ACTION ITEM ▸ Using the records below, transcribe word for word the stretch from the line that contains "Definition iso_with (R" through the line that contains "respects +; a", both end lines included, and nothing else.

Items from a data source
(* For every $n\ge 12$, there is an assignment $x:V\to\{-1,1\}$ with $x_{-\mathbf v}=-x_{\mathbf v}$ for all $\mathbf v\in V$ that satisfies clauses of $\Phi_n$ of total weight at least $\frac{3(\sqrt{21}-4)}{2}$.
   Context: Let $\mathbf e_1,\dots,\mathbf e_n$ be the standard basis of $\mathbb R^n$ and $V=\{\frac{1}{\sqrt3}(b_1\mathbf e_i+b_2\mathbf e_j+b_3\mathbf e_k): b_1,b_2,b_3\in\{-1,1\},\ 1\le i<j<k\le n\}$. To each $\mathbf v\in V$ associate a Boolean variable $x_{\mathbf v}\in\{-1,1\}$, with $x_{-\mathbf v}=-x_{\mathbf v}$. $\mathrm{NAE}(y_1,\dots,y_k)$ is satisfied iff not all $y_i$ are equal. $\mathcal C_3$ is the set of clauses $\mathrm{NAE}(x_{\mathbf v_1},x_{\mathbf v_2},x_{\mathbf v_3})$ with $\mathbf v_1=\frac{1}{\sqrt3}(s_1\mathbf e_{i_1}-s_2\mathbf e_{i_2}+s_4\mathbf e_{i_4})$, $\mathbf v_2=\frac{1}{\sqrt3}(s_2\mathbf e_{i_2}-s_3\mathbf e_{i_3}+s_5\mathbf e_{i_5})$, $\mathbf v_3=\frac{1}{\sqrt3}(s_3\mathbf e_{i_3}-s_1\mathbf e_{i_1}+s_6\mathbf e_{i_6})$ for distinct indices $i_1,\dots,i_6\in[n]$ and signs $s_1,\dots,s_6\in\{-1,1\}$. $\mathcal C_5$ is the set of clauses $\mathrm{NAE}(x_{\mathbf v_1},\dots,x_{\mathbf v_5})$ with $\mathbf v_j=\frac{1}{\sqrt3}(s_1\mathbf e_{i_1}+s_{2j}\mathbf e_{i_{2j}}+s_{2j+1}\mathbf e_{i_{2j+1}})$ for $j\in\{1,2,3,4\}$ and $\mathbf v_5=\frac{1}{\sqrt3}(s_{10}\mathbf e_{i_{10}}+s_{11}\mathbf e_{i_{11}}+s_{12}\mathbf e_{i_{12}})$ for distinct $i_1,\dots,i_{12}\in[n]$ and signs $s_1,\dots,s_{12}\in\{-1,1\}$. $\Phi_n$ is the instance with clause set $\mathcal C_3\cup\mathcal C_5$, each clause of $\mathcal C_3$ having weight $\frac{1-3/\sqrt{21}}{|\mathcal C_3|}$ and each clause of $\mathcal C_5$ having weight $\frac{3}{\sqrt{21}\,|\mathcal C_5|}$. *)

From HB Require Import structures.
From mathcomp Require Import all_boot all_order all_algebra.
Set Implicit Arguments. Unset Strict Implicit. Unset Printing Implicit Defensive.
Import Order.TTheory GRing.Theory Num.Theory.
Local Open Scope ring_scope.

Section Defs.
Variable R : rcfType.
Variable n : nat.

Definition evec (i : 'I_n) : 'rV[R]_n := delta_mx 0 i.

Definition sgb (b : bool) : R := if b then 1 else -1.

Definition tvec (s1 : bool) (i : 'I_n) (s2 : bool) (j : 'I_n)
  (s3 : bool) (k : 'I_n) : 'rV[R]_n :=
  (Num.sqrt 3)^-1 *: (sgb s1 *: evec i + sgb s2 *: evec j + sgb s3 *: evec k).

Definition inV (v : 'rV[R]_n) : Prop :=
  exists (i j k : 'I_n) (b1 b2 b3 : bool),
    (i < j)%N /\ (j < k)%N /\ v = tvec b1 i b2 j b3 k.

--

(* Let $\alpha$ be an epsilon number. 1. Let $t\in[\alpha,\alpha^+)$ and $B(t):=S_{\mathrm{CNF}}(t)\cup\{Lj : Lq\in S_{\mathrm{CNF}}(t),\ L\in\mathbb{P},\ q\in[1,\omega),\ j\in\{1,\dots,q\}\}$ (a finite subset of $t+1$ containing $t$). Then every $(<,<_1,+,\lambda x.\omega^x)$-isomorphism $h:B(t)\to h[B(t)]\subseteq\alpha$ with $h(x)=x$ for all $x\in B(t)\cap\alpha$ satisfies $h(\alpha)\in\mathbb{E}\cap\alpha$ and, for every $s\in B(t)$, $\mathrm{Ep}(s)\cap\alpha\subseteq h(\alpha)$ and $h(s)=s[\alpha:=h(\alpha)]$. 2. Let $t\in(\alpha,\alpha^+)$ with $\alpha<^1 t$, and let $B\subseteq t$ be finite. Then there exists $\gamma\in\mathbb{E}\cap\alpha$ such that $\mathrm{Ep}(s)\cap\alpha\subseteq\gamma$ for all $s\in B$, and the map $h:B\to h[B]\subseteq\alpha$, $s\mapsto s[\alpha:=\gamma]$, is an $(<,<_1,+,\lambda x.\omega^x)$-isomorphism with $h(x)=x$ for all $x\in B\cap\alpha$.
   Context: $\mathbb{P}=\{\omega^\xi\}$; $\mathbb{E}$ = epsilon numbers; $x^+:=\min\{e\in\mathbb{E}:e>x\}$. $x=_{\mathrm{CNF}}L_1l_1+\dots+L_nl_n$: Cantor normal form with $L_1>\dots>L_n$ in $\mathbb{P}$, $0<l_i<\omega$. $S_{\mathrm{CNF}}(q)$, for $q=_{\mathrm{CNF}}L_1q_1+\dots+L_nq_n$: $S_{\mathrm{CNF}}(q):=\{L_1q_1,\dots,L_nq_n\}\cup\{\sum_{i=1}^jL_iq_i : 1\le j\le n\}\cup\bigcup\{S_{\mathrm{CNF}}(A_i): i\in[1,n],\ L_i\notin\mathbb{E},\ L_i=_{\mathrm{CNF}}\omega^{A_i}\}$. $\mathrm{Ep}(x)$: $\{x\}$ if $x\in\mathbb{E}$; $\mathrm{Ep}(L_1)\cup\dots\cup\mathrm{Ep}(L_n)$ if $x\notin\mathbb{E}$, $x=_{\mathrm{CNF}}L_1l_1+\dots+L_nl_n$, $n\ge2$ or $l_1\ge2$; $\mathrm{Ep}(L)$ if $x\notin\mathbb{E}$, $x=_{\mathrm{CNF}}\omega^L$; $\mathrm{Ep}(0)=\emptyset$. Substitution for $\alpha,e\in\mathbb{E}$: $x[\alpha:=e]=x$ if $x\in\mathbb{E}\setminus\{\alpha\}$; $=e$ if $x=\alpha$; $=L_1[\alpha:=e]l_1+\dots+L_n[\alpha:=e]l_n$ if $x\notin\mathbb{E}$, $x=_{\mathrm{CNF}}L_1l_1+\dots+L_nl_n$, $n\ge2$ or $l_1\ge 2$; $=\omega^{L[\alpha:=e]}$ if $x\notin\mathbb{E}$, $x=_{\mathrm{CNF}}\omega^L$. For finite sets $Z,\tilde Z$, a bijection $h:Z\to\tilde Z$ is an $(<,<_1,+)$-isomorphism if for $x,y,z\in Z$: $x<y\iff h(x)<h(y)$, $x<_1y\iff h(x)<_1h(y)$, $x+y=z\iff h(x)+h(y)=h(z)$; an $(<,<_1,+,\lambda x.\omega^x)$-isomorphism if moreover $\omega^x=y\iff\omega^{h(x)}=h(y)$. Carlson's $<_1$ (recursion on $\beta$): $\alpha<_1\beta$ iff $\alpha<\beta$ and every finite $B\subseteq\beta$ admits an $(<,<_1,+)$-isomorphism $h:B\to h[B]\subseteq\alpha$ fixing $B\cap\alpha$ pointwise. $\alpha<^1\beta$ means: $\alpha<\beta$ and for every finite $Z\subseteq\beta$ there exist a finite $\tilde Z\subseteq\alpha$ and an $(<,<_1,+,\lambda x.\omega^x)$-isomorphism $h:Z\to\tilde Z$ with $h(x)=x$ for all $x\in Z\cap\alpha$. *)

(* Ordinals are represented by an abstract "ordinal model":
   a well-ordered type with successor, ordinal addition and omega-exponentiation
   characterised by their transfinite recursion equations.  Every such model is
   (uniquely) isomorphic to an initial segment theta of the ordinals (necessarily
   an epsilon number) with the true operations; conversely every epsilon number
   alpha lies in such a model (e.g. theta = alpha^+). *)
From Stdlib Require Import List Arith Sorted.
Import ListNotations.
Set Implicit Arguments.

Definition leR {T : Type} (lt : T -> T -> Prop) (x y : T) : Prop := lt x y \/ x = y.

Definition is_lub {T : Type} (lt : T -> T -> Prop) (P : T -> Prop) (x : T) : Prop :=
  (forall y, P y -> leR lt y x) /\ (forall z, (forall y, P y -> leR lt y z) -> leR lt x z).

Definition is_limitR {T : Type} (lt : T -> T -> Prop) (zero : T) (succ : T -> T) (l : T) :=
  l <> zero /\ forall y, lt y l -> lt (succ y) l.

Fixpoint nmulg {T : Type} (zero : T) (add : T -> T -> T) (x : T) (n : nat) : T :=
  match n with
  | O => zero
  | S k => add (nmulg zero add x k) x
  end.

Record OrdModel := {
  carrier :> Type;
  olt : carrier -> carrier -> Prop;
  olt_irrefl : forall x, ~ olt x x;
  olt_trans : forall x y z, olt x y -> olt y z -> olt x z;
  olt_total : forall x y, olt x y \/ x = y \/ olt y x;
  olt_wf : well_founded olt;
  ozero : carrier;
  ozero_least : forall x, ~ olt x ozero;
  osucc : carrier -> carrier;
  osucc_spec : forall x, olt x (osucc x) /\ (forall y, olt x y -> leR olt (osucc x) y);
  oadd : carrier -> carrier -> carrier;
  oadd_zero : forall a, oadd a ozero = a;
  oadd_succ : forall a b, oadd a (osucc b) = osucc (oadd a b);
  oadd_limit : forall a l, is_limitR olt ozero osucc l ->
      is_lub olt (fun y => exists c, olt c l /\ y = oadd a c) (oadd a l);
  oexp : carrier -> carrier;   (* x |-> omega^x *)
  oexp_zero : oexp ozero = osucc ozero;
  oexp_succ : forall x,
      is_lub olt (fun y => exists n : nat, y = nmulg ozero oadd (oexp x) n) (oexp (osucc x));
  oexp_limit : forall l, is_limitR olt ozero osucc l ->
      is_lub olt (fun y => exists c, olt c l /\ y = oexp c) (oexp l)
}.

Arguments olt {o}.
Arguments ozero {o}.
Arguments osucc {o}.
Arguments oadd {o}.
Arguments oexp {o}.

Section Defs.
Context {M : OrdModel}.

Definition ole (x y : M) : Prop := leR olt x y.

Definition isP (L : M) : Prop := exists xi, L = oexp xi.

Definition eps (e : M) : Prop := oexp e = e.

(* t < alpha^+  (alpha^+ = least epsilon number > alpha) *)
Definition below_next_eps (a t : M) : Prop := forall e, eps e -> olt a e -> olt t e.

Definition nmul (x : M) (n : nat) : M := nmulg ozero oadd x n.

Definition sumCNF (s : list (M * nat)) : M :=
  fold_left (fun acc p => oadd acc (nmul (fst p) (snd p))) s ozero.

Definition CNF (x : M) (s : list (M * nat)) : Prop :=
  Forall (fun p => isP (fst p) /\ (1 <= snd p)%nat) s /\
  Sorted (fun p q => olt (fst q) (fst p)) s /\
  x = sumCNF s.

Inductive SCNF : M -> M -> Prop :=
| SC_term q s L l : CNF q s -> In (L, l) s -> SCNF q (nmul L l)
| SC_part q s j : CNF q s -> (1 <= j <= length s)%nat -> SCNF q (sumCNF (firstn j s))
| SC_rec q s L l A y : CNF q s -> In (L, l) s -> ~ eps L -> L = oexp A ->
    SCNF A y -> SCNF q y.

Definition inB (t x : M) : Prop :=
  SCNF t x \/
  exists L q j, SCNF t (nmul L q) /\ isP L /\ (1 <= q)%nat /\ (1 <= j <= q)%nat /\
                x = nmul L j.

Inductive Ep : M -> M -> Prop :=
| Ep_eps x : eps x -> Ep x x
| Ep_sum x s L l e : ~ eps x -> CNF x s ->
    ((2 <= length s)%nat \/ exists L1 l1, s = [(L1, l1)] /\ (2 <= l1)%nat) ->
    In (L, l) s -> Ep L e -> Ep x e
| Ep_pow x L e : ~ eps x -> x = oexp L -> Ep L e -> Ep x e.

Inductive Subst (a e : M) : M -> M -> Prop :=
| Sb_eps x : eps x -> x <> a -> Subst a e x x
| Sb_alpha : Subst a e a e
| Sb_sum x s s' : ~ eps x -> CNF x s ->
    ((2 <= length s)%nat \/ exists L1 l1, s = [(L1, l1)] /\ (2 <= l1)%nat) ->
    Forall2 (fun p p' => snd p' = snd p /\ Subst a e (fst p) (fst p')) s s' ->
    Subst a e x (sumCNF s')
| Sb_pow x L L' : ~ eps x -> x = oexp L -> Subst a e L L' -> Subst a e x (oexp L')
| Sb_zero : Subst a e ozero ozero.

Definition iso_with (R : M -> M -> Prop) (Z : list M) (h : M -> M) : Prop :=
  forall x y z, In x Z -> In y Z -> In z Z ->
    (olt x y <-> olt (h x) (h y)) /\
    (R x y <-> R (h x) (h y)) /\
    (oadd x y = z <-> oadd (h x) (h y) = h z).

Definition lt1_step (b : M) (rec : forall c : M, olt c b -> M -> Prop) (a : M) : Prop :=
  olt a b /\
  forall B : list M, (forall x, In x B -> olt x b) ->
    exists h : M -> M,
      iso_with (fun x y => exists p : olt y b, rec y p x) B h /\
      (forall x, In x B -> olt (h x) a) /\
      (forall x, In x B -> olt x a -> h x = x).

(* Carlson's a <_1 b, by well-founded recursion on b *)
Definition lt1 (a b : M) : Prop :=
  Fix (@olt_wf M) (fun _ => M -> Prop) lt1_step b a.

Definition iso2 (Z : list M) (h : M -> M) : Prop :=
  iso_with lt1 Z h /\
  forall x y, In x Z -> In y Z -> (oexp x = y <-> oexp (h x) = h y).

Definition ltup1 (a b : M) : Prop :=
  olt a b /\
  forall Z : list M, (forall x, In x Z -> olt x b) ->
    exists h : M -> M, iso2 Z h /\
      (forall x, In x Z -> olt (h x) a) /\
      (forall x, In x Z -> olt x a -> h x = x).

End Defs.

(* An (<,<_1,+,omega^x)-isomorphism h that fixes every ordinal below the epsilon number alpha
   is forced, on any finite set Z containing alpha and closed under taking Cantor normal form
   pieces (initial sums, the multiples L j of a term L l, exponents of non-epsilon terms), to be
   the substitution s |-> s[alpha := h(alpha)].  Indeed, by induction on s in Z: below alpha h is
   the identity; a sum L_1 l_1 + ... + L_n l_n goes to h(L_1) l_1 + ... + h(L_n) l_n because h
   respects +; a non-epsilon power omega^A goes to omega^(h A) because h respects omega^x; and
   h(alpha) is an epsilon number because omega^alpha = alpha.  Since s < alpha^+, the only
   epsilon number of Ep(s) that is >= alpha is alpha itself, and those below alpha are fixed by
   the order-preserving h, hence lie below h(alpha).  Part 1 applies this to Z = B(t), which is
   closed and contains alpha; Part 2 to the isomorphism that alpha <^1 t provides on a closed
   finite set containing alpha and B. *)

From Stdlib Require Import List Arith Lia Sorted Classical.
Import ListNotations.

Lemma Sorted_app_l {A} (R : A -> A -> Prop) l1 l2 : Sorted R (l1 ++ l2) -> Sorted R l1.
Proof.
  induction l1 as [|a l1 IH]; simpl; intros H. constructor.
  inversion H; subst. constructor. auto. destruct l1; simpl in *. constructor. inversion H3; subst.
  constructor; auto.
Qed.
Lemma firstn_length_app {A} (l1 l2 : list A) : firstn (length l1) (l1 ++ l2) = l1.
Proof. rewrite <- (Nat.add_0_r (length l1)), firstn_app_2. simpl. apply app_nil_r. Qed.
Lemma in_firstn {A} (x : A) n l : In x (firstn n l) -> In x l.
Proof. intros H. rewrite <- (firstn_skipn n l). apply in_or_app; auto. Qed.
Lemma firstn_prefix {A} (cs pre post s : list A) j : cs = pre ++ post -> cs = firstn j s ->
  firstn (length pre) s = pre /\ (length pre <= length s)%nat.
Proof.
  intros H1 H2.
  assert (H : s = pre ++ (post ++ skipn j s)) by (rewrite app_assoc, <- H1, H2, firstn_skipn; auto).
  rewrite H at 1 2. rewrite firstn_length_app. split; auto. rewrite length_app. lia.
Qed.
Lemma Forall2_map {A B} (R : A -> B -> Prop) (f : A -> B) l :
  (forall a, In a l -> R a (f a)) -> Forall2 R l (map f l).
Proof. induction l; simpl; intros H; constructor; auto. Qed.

WRITTEN SOLUTION ▸
Definition iso_with (R : M -> M -> Prop) (Z : list M) (h : M -> M) : Prop :=
  forall x y z, In x Z -> In y Z -> In z Z ->
    (olt x y <-> olt (h x) (h y)) /\
    (R x y <-> R (h x) (h y)) /\
    (oadd x y = z <-> oadd (h x) (h y) = h z).

Definition lt1_step (b : M) (rec : forall c : M, olt c b -> M -> Prop) (a : M) : Prop :=
  olt a b /\
  forall B : list M, (forall x, In x B -> olt x b) ->
    exists h : M -> M,
      iso_with (fun x y => exists p : olt y b, rec y p x) B h /\
      (forall x, In x B -> olt (h x) a) /\
      (forall x, In x B -> olt x a -> h x = x).

(* Carlson's a <_1 b, by well-founded recursion on b *)
Definition lt1 (a b : M) : Prop :=
  Fix (@olt_wf M) (fun _ => M -> Prop) lt1_step b a.

Definition iso2 (Z : list M) (h : M -> M) : Prop :=
  iso_with lt1 Z h /\
  forall x y, In x Z -> In y Z -> (oexp x = y <-> oexp (h x) = h y).

Definition ltup1 (a b : M) : Prop :=
  olt a b /\
  forall Z : list M, (forall x, In x Z -> olt x b) ->
    exists h : M -> M, iso2 Z h /\
      (forall x, In x Z -> olt (h x) a) /\
      (forall x, In x Z -> olt x a -> h x = x).

End Defs.

(* An (<,<_1,+,omega^x)-isomorphism h that fixes every ordinal below the epsilon number alpha
   is forced, on any finite set Z containing alpha and closed under taking Cantor normal form
   pieces (initial sums, the multiples L j of a term L l, exponents of non-epsilon terms), to be
   the substitution s |-> s[alpha := h(alpha)].  Indeed, by induction on s in Z: below alpha h is
   the identity; a sum L_1 l_1 + ... + L_n l_n goes to h(L_1) l_1 + ... + h(L_n) l_n because h
   respects +; a non-epsilon power omega^A goes to omega^(h A) because h respects omega^x; and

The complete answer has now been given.